(* Basis of the state space: query register |S>|i>|c>|r> (S : bool selects
   A (false) or B (true), i : 'I_n a position, c, r registers of bc and br bits)
   together with a workspace register 'I_w. *)
Definition qreg (n bc br : nat) := (bool * 'I_n * bits bc * bits br)%type.
Definition qbasis (n bc br w : nat) := (qreg n bc br * 'I_w)%type.

Definition qvec (X : finType) := X -> algC.
Definition qop (X : finType) := X -> X -> algC.

Definition qapply (X : finType) (U : qop X) (v : qvec X) : qvec X :=
  fun x => \sum_(y : X) U x y * v y.

Definition unit_vec (X : finType) (v : qvec X) : Prop :=
  \sum_(x : X) `|v x| ^+ 2 = 1.

Definition unitary (X : finType) (U : qop X) : Prop :=
  forall y y' : X, \sum_(x : X) (U x y)^* * U x y' = (y == y')%:R.

Definition oracle_map (n bc br w : nat) (A B : rle_str bc br)
  (q : qbasis n bc br w) : qbasis n bc br w :=
  let: ((sel, i, c, r), z) := q in
  let p := nth (bzero bc, bzero br) (if sel then B else A) i in
  ((sel, i, bxor c p.1, bxor r p.2), z).

Definition oracle (n bc br w : nat) (A B : rle_str bc br) : qop (qbasis n bc br w) :=
  fun x y => ((x == oracle_map A B y) : nat)%:R.

Fixpoint qstate (X : finType) (O : qop X) (psi0 : qvec X) (U : nat -> qop X)
  (t : nat) : qvec X :=
  match t with
  | 0 => qapply (U 0) psi0
  | t'.+1 => qapply (U t) (qapply O (qstate O psi0 U t'))
  end.

Definition solves_ellcs (n bc br w T : nat) (psi0 : qvec (qbasis n bc br w))
  (U : nat -> qop (qbasis n bc br w)) (out : qbasis n bc br w -> nat) : Prop :=
  forall A B : rle_str bc br,
    valid_rle A -> valid_rle B -> size A = n -> size B = n ->
    forall good : pred nat, (forall a, good a <-> ellcs_answer A B a) ->
      2%:R / 3%:R <= \sum_(x | good (out x))
                        `|qstate (oracle A B) psi0 U T x| ^+ 2 :> algC.

(* A threshold problem reduces to EL-LCS-RLE, and the weighted adversary method bounds it.
   For S a subset of {0, ..., m-1}, let A_S and B_S have m + 2 runs: run j < m has character
   j mod 2 and length 3 if j is in S and 1 otherwise, run m is a one-character separator that
   differs between A_S and B_S, and run m + 1 is a block of L copies of a fifth character.
   A common substring avoids the separator, so a longest one is either the prefix (decoded
   length m + 2|S|, encoded length m) or the final block (encoded length 1); with
   L = m + 2k + 1 and k = floor(m/2) the answer is 1 on the slice |S| = k and m on the slice
   |S| = k + 1.  The oracles of S and S + {i} differ only at position i, so a query lowers
   |<phi_S, phi_(S+{i})>| by at most the amplitude mass at position i; summed over all such
   pairs, this overlap starts at the number of pairs, loses at most the number of sets of the
   two slices per query, and must end below 17/18 of its start.
   Double counting the pairs gives (m - k)(k + 1) <= 18 T (m + 1), hence n = m + 2 <= 74 T;
   registers of O(log n) bits hold all codes and run lengths. *)

From mathcomp Require Import all_boot all_order all_algebra algC.
From mathcomp Require Import ring zify.
Set Implicit Arguments. Unset Strict Implicit. Unset Printing Implicit Defensive.
Import Order.TTheory GRing.Theory Num.Theory.

Local Open Scope ring_scope.

Definition qdot (X : finType) (a b : qvec X) : algC := \sum_x (a x)^* * b x.

Definition qmass (X : finType) (pos : X -> nat) (a : qvec X) (i : nat) : algC :=
  \sum_(x | pos x == i) `|a x| ^+ 2.

Definition qperm (X : finType) (f : X -> X) : qop X :=
  fun x y => ((x == f y) : nat)%:R.

Lemma qdotvv (X : finType) (a : qvec X) : qdot a a = \sum_x `|a x| ^+ 2.
Proof. by apply: eq_bigr => x _; rewrite normCK mulrC. Qed.

Lemma qdot_unitary (X : finType) (U : qop X) (a b : qvec X) :
  unitary U -> qdot (qapply U a) (qapply U b) = qdot a b.
Proof.
move=> HU; rewrite /qdot /qapply.
have expand x : (\sum_y U x y * a y)^* * (\sum_y' U x y' * b y') =
                \sum_y \sum_y' (U x y * a y)^* * (U x y' * b y').
  by rewrite rmorph_sum mulr_suml; apply: eq_bigr => y _; rewrite mulr_sumr.
have orth y y' : \sum_x (U x y * a y)^* * (U x y' * b y') =
                 (a y)^* * b y' * (y == y')%:R.
  by rewrite -HU mulr_sumr; apply: eq_bigr => x _; rewrite rmorphM /=; ring.
rewrite (eq_bigr _ (fun x _ => expand x)) exchange_big; apply: eq_bigr => y _ /=.
rewrite exchange_big (bigD1 y) //= orth eqxx mulr1 big1 ?addr0 // => y' y'y.
by rewrite orth eq_sym (negbTE y'y) mulr0.
Qed.

Lemma reindex_involutive (X : finType) (f : X -> X) (P : pred X) (F : X -> algC) :
  involutive f -> (forall x, P (f x) = P x) ->
  \sum_(x | P x) F (f x) = \sum_(x | P x) F x.
Proof.
move=> fK Pf; rewrite [RHS](reindex_inj (can_inj fK)) /=.
by apply: eq_bigl => x; rewrite Pf.
Qed.

Lemma qapply_qperm (X : finType) (f : X -> X) (a : qvec X) x :
  involutive f -> qapply (qperm f) a x = a (f x).
Proof.
move=> fK; rewrite /qapply /qperm (bigD1 (f x)) //= fK eqxx mul1r big1 ?addr0 //.
by move=> y yfx; rewrite eq_sym (can2_eq fK fK) (negbTE yfx) mul0r.
Qed.

Lemma qdot_qperm (X : finType) (f : X -> X) (a b : qvec X) :
  involutive f -> qdot (qapply (qperm f) a) (qapply (qperm f) b) = qdot a b.
Proof.
move=> fK; rewrite /qdot.
under eq_bigr => x _ do rewrite !qapply_qperm //.
exact: (reindex_involutive (fun x => (a x)^* * b x)).
Qed.

Lemma ler_sum_subpred (X : finType) (P Q : pred X) (F : X -> algC) :
  (forall x, 0 <= F x) -> {subset P <= Q} ->
  \sum_(x | P x) F x <= \sum_(x | Q x) F x.
Proof.
move=> F0 PQ; rewrite [leRHS](bigID P) /= (eq_bigl P) ?lerDl ?sumr_ge0 // => x.
exact: andb_idl (PQ x).
Qed.

Lemma ler_norm_qdot_sum (X : finType) (P : pred X) (u v : qvec X) :
  `|\sum_(x | P x) (u x)^* * v x| <= \sum_(x | P x) `|u x| * `|v x|.
Proof.
apply: le_trans (ler_norm_sum _ _ _) _.
by apply: ler_sum => x _; rewrite normrM norm_conjC.
Qed.

Lemma ler_mean_square_sum (X : finType) (P : pred X) (u v : qvec X) (al be : nat) :
  (al * be)%:R * (\sum_(x | P x) `|u x| * `|v x|) *+ 2 <=
  (al ^ 2)%:R * (\sum_(x | P x) `|u x| ^+ 2) + (be ^ 2)%:R * (\sum_(x | P x) `|v x| ^+ 2).
Proof.
rewrite !mulr_sumr -sumrMnl -big_split /=; apply: ler_sum => x _.
have real_scaled c (z : algC) : c%:R * `|z| \is Num.real.
  by rewrite rpredM ?realn ?normr_real.
have := (real_leif_mean_square_scaled (real_scaled al (u x)) (real_scaled be (v x))).1.
by rewrite natrM !natrX mulrACA -!exprMn.
Qed.

Lemma qdot_query_step (X : finType) (f g : X -> X) (pos : X -> nat) (i : nat)
    (a b : qvec X) :
  involutive f -> involutive g ->
  (forall x, pos (f x) = pos x) -> (forall x, pos (g x) = pos x) ->
  (forall x, pos x != i -> f x = g x) ->
  `|qdot a b| - (qmass pos a i + qmass pos b i) <=
  `|qdot (qapply (qperm f) a) (qapply (qperm g) b)|.
Proof.
move=> fK gK pos_f pos_g f_eq_g.
set at_i := fun x => pos x == i.
set D := \sum_(x | at_i x) (a (f x))^* * b (g x) - \sum_(x | at_i x) (a x)^* * b x.
have off_i : \sum_(x | ~~ at_i x) (a (f x))^* * b (g x) = \sum_(x | ~~ at_i x) (a x)^* * b x.
  rewrite -(reindex_involutive (fun x => (a x)^* * b x) fK); last by move=> x; rewrite /at_i pos_f.
  by apply: eq_bigr => x /f_eq_g <-.
have qdotD : qdot (qapply (qperm f) a) (qapply (qperm g) b) = qdot a b + D.
  rewrite /qdot /D; under eq_bigr => x _ do rewrite !qapply_qperm //.
  rewrite [LHS](bigID at_i) [in RHS](bigID at_i) /= off_i; ring.
have half_bound (h k : X -> X) : involutive h -> involutive k ->
    (forall x, pos (h x) = pos x) -> (forall x, pos (k x) = pos x) ->
    `|\sum_(x | at_i x) (a (h x))^* * b (k x)| *+ 2 <= qmass pos a i + qmass pos b i.
  move=> hK kK pos_h pos_k.
  apply: le_trans (ler_wMn2r 2 (ler_norm_qdot_sum _ _ _)) _.
  have := ler_mean_square_sum at_i (a \o h) (b \o k) 1 1; rewrite !mul1r.
  rewrite (reindex_involutive (fun x => `|a x| ^+ 2) hK); last by move=> x; rewrite /at_i pos_h.
  by rewrite (reindex_involutive (fun x => `|b x| ^+ 2) kK) // => x; rewrite /at_i pos_k.
have normD : `|D| <= qmass pos a i + qmass pos b i.
  rewrite -(ler_pMn2r (n := 2)) //; apply: le_trans (ler_wMn2r 2 (ler_normB _ _)) _.
  rewrite mulrnDl [leRHS]mulr2n.
  by apply: lerD; [exact: half_bound | exact: (half_bound id id)].
by rewrite qdotD; apply: le_trans (lerB_normD _ D); rewrite lerD2l lerN2.
Qed.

+++++

*Exercise prompt*: In the records above, the line with "(al ^ 2)%:R * (\sum_(x" marks the start and the line with "apply: le_trans (ler_wMn2r 2 (ler_norm_qdot_sum" marks the end; copy that stretch exactly, both lines included, and nothing else.

*Solution for this problem*:
  (al ^ 2)%:R * (\sum_(x | P x) `|u x| ^+ 2) + (be ^ 2)%:R * (\sum_(x | P x) `|v x| ^+ 2).
Proof.
rewrite !mulr_sumr -sumrMnl -big_split /=; apply: ler_sum => x _.
have real_scaled c (z : algC) : c%:R * `|z| \is Num.real.
  by rewrite rpredM ?realn ?normr_real.
have := (real_leif_mean_square_scaled (real_scaled al (u x)) (real_scaled be (v x))).1.
by rewrite natrM !natrX mulrACA -!exprMn.
Qed.

Lemma qdot_query_step (X : finType) (f g : X -> X) (pos : X -> nat) (i : nat)
    (a b : qvec X) :
  involutive f -> involutive g ->
  (forall x, pos (f x) = pos x) -> (forall x, pos (g x) = pos x) ->
  (forall x, pos x != i -> f x = g x) ->
  `|qdot a b| - (qmass pos a i + qmass pos b i) <=
  `|qdot (qapply (qperm f) a) (qapply (qperm g) b)|.
Proof.
move=> fK gK pos_f pos_g f_eq_g.
set at_i := fun x => pos x == i.
set D := \sum_(x | at_i x) (a (f x))^* * b (g x) - \sum_(x | at_i x) (a x)^* * b x.
have off_i : \sum_(x | ~~ at_i x) (a (f x))^* * b (g x) = \sum_(x | ~~ at_i x) (a x)^* * b x.
  rewrite -(reindex_involutive (fun x => (a x)^* * b x) fK); last by move=> x; rewrite /at_i pos_f.
  by apply: eq_bigr => x /f_eq_g <-.
have qdotD : qdot (qapply (qperm f) a) (qapply (qperm g) b) = qdot a b + D.
  rewrite /qdot /D; under eq_bigr => x _ do rewrite !qapply_qperm //.
  rewrite [LHS](bigID at_i) [in RHS](bigID at_i) /= off_i; ring.
have half_bound (h k : X -> X) : involutive h -> involutive k ->
    (forall x, pos (h x) = pos x) -> (forall x, pos (k x) = pos x) ->
    `|\sum_(x | at_i x) (a (h x))^* * b (k x)| *+ 2 <= qmass pos a i + qmass pos b i.
  move=> hK kK pos_h pos_k.
  apply: le_trans (ler_wMn2r 2 (ler_norm_qdot_sum _ _ _)) _.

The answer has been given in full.